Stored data
= = = = = = =

Lemma Vn2_cut_or_regular :
  (exists B : {set 'I_n}, [/\ Wl #|B| F, #|B|.*2 <= n & (n - #|B|.*2) ^ 2 <= n])
  \/ forall v, (#|nbhd (nonedge F) v|).*2 = n.-1.
Proof.
have [e_sym e_tf] := (nonedge_sym, nonedge_triangle_free).
pose heavy (uv : 'I_n * 'I_n) := nonedge F uv.1 uv.2 &&
  (n <= #|nbhd (nonedge F) uv.1| + #|nbhd (nonedge F) uv.2|).
case: (pickP heavy) => [[u v] /andP[/= uv uv_heavy] | light]; last first.
  right=> v; rewrite -[in RHS](card_ord n).
  apply: (regular_of_light_edges e_sym) => [|x y xy]; first by rewrite card_ord sum_card_nonedge.
  by rewrite card_ord ltnNge; apply/negbT; have := light (x, y); rewrite /heavy /= xy /= => ->.
have := heavy_edge_cut e_sym e_tf uv; rewrite card_ord => /(_ uv_heavy) cutX.
have [B Bn cutB] := cut_smaller_side cutX; rewrite card_ord in Bn.
have := cardsC B; rewrite card_ord => cB.
have [[x xB] [y yB]] : (exists b, b \in B) /\ (exists c, c \notin B).
  by move: (cutB u v uv); case: (boolP (u \in B)) => uB; case: (boolP (v \in B)) => vB //= _;
    split; [exists u | exists v | exists v | exists u].
have Bpos : 0 < #|B| by apply/card_gt0P; exists x.
have Cpos : 0 < #|~: B| by apply/card_gt0P; exists y; rewrite inE.
have := sum_card_nbhd_cut cutB; rewrite sum_card_nonedge => cut.
have := mul_bin_diag n 1; rewrite bin1 => C2.
left; exists B; split => //; last first.
  apply: balanced_cut_bound cB Bn _; move: cut C2.
  (* [set] merges differently elaborated copies of the same cardinal for [lia] *)
  by set C := 'C(n, 2); set b := #|B|; set c := #|~: B|; lia.
split=> //; exists B; split => //; last exact: Vn2_WB_subset.
by rewrite Bpos /=; move: cB Cpos; set b := #|B|; set c := #|~: B|; lia.
Qed.

Lemma Vn2_regular_le5 : (forall v, (#|nbhd (nonedge F) v|).*2 = n.-1) -> n <= 5.
Proof.
move=> reg; have [->|n0] := posnP n; first by [].
pose d := #|nbhd (nonedge F) (Ordinal n0)|.
have := reg (Ordinal n0); rewrite -/d => reg0.
suff : d <= 2 by lia.
apply: (triangle_free_regular_odd nonedge_sym nonedge_irr nonedge_triangle_free).
  by rewrite card_ord; lia.
by move=> v; apply: double_inj; rewrite reg.
Qed.

End NonedgeGraph.

Section GeneratedIdeal.
Variables (n : nat) (E : {set {set 'I_n}}).
Hypothesis E2 : {in E, forall g : {set 'I_n}, #|g| = 2}.

Lemma mingens_gen_ideal : mingens (gen_ideal E) = E.
Proof.
apply/setP => A; rewrite inE [A \in gen_ideal E]inE; apply/andP/idP.
  case=> /exists_inP[g gE gA] /forall_inP minA.
  have : g \in gen_ideal E by rewrite inE; apply/exists_inP; exists g.
  by move/minA; rewrite gA => /eqP <-.
move=> AE; split; first by apply/exists_inP; exists A.
apply/forall_inP => B; rewrite inE => /exists_inP[g gE gB]; apply/implyP => BA.
have gA : g = A by apply: subset_card_eq; [apply: subset_trans gB BA | rewrite !E2].
by rewrite eqEsubset BA -gA gB.
Qed.

Lemma Vn2_gen_ideal :
  (forall x : 'I_n, exists2 g, g \in E & x \in g) ->
  (forall A : {set 'I_n}, 3 <= #|A| -> exists2 g, g \in E & g \subset A) ->
  'C(n, 2) = #|E|.*2 -> Vn2 (gen_ideal E).
Proof.
move=> Ecov E3 Ecard; split; last by rewrite mingens_gen_ideal.
split=> [A B | ].
  rewrite !inE => /exists_inP[g gE gA] AB; apply/exists_inP; exists g => //.
  exact: subset_trans gA AB.
move=> [|[|i]]; rewrite /fvec.
- apply: eq_card => A; rewrite !inE mingens_gen_ideal.
  case: (boolP (#|A| == 1)) => [/cards1P[x ->] | _]; rewrite ?andbF // !andbT.
  have [g gE xg] := Ecov x.
  rewrite (_ : [exists g in E, [set x] \subset g]); last first.
    by apply/exists_inP; exists g; rewrite ?sub1set.
  by apply/esym/negP => /exists_inP[g' /E2 g2 /subset_leq_card]; rewrite g2 cards1.
- have -> : [set A in facet_complex (gen_ideal E) | #|A| == 2] = E.
    apply/setP => A; rewrite !inE mingens_gen_ideal.
    apply/andP/idP => [[/exists_inP[g gE Ag] /eqP A2] | AE].
      by rewrite (subset_card_eq Ag) // A2 E2.
    by rewrite E2 //; split=> //; apply/exists_inP; exists A.
  apply/eqP; rewrite -(eqn_add2l #|E|) addnn -Ecard -{1}(card_ord n) -card_draws.
  rewrite -(cardsID (gen_ideal E) [set A : {set 'I_n} | #|A| == 2]).
  apply/eqP; congr (_ + _); apply: eq_card => A; rewrite !inE //.
  apply/andP/idP => [[/eqP A2 /exists_inP[g gE gA]] | AE].
    by rewrite -(subset_card_eq gA) // A2 E2.
  by split; [rewrite E2 | apply/exists_inP; exists A].
- apply: eq_card => A; rewrite !inE mingens_gen_ideal.
  case: (boolP (#|A| == i.+3)) => [/eqP Ai | _]; rewrite ?andbF // !andbT.
  have [g gE gA] : exists2 g, g \in E & g \subset A by apply: E3; rewrite Ai.
  rewrite (_ : [exists g in E, g \subset A]); last by apply/exists_inP; exists g.
  by apply/negbTE/exists_inP => -[g' /E2 g2 /subset_leq_card]; rewrite g2 Ai.
Qed.

End GeneratedIdeal.

Definition cycle5 (p : {perm 'I_5}) : {set {set 'I_5}} :=
  [set [set p i; p (ordS i)] | i : 'I_5].

Lemma ordS5_neq (i : 'I_5) : ordS i != i.
Proof. by case: i => [[|[|[|[|[|?]]]]] ?]. Qed.

Lemma ordSS5_neq (i : 'I_5) : ordS (ordS i) != i.
Proof. by case: i => [[|[|[|[|[|?]]]]] ?]. Qed.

= = = = = = =

■ What needs to be done ■
Word for word, repeat every record.

■ Answer for the task ■
Lemma Vn2_cut_or_regular :
  (exists B : {set 'I_n}, [/\ Wl #|B| F, #|B|.*2 <= n & (n - #|B|.*2) ^ 2 <= n])
  \/ forall v, (#|nbhd (nonedge F) v|).*2 = n.-1.
Proof.
have [e_sym e_tf] := (nonedge_sym, nonedge_triangle_free).
pose heavy (uv : 'I_n * 'I_n) := nonedge F uv.1 uv.2 &&
  (n <= #|nbhd (nonedge F) uv.1| + #|nbhd (nonedge F) uv.2|).
case: (pickP heavy) => [[u v] /andP[/= uv uv_heavy] | light]; last first.
  right=> v; rewrite -[in RHS](card_ord n).
  apply: (regular_of_light_edges e_sym) => [|x y xy]; first by rewrite card_ord sum_card_nonedge.
  by rewrite card_ord ltnNge; apply/negbT; have := light (x, y); rewrite /heavy /= xy /= => ->.
have := heavy_edge_cut e_sym e_tf uv; rewrite card_ord => /(_ uv_heavy) cutX.
have [B Bn cutB] := cut_smaller_side cutX; rewrite card_ord in Bn.
have := cardsC B; rewrite card_ord => cB.
have [[x xB] [y yB]] : (exists b, b \in B) /\ (exists c, c \notin B).
  by move: (cutB u v uv); case: (boolP (u \in B)) => uB; case: (boolP (v \in B)) => vB //= _;
    split; [exists u | exists v | exists v | exists u].
have Bpos : 0 < #|B| by apply/card_gt0P; exists x.
have Cpos : 0 < #|~: B| by apply/card_gt0P; exists y; rewrite inE.
have := sum_card_nbhd_cut cutB; rewrite sum_card_nonedge => cut.
have := mul_bin_diag n 1; rewrite bin1 => C2.
left; exists B; split => //; last first.
  apply: balanced_cut_bound cB Bn _; move: cut C2.
  (* [set] merges differently elaborated copies of the same cardinal for [lia] *)
  by set C := 'C(n, 2); set b := #|B|; set c := #|~: B|; lia.
split=> //; exists B; split => //; last exact: Vn2_WB_subset.
by rewrite Bpos /=; move: cB Cpos; set b := #|B|; set c := #|~: B|; lia.
Qed.

Lemma Vn2_regular_le5 : (forall v, (#|nbhd (nonedge F) v|).*2 = n.-1) -> n <= 5.
Proof.
move=> reg; have [->|n0] := posnP n; first by [].
pose d := #|nbhd (nonedge F) (Ordinal n0)|.
have := reg (Ordinal n0); rewrite -/d => reg0.
suff : d <= 2 by lia.
apply: (triangle_free_regular_odd nonedge_sym nonedge_irr nonedge_triangle_free).
  by rewrite card_ord; lia.
by move=> v; apply: double_inj; rewrite reg.
Qed.

End NonedgeGraph.

Section GeneratedIdeal.
Variables (n : nat) (E : {set {set 'I_n}}).
Hypothesis E2 : {in E, forall g : {set 'I_n}, #|g| = 2}.

Lemma mingens_gen_ideal : mingens (gen_ideal E) = E.
Proof.
apply/setP => A; rewrite inE [A \in gen_ideal E]inE; apply/andP/idP.
  case=> /exists_inP[g gE gA] /forall_inP minA.
  have : g \in gen_ideal E by rewrite inE; apply/exists_inP; exists g.
  by move/minA; rewrite gA => /eqP <-.
move=> AE; split; first by apply/exists_inP; exists A.
apply/forall_inP => B; rewrite inE => /exists_inP[g gE gB]; apply/implyP => BA.
have gA : g = A by apply: subset_card_eq; [apply: subset_trans gB BA | rewrite !E2].
by rewrite eqEsubset BA -gA gB.
Qed.

Lemma Vn2_gen_ideal :
  (forall x : 'I_n, exists2 g, g \in E & x \in g) ->
  (forall A : {set 'I_n}, 3 <= #|A| -> exists2 g, g \in E & g \subset A) ->
  'C(n, 2) = #|E|.*2 -> Vn2 (gen_ideal E).
Proof.
move=> Ecov E3 Ecard; split; last by rewrite mingens_gen_ideal.
split=> [A B | ].
  rewrite !inE => /exists_inP[g gE gA] AB; apply/exists_inP; exists g => //.
  exact: subset_trans gA AB.
move=> [|[|i]]; rewrite /fvec.
- apply: eq_card => A; rewrite !inE mingens_gen_ideal.
  case: (boolP (#|A| == 1)) => [/cards1P[x ->] | _]; rewrite ?andbF // !andbT.
  have [g gE xg] := Ecov x.
  rewrite (_ : [exists g in E, [set x] \subset g]); last first.
    by apply/exists_inP; exists g; rewrite ?sub1set.
  by apply/esym/negP => /exists_inP[g' /E2 g2 /subset_leq_card]; rewrite g2 cards1.
- have -> : [set A in facet_complex (gen_ideal E) | #|A| == 2] = E.
    apply/setP => A; rewrite !inE mingens_gen_ideal.
    apply/andP/idP => [[/exists_inP[g gE Ag] /eqP A2] | AE].
      by rewrite (subset_card_eq Ag) // A2 E2.
    by rewrite E2 //; split=> //; apply/exists_inP; exists A.
  apply/eqP; rewrite -(eqn_add2l #|E|) addnn -Ecard -{1}(card_ord n) -card_draws.
  rewrite -(cardsID (gen_ideal E) [set A : {set 'I_n} | #|A| == 2]).
  apply/eqP; congr (_ + _); apply: eq_card => A; rewrite !inE //.
  apply/andP/idP => [[/eqP A2 /exists_inP[g gE gA]] | AE].
    by rewrite -(subset_card_eq gA) // A2 E2.
  by split; [rewrite E2 | apply/exists_inP; exists A].
- apply: eq_card => A; rewrite !inE mingens_gen_ideal.
  case: (boolP (#|A| == i.+3)) => [/eqP Ai | _]; rewrite ?andbF // !andbT.
  have [g gE gA] : exists2 g, g \in E & g \subset A by apply: E3; rewrite Ai.
  rewrite (_ : [exists g in E, g \subset A]); last by apply/exists_inP; exists g.
  by apply/negbTE/exists_inP => -[g' /E2 g2 /subset_leq_card]; rewrite g2 Ai.
Qed.

End GeneratedIdeal.

Definition cycle5 (p : {perm 'I_5}) : {set {set 'I_5}} :=
  [set [set p i; p (ordS i)] | i : 'I_5].

Lemma ordS5_neq (i : 'I_5) : ordS i != i.
Proof. by case: i => [[|[|[|[|[|?]]]]] ?]. Qed.

Lemma ordSS5_neq (i : 'I_5) : ordS (ordS i) != i.
Proof. by case: i => [[|[|[|[|[|?]]]]] ?]. Qed.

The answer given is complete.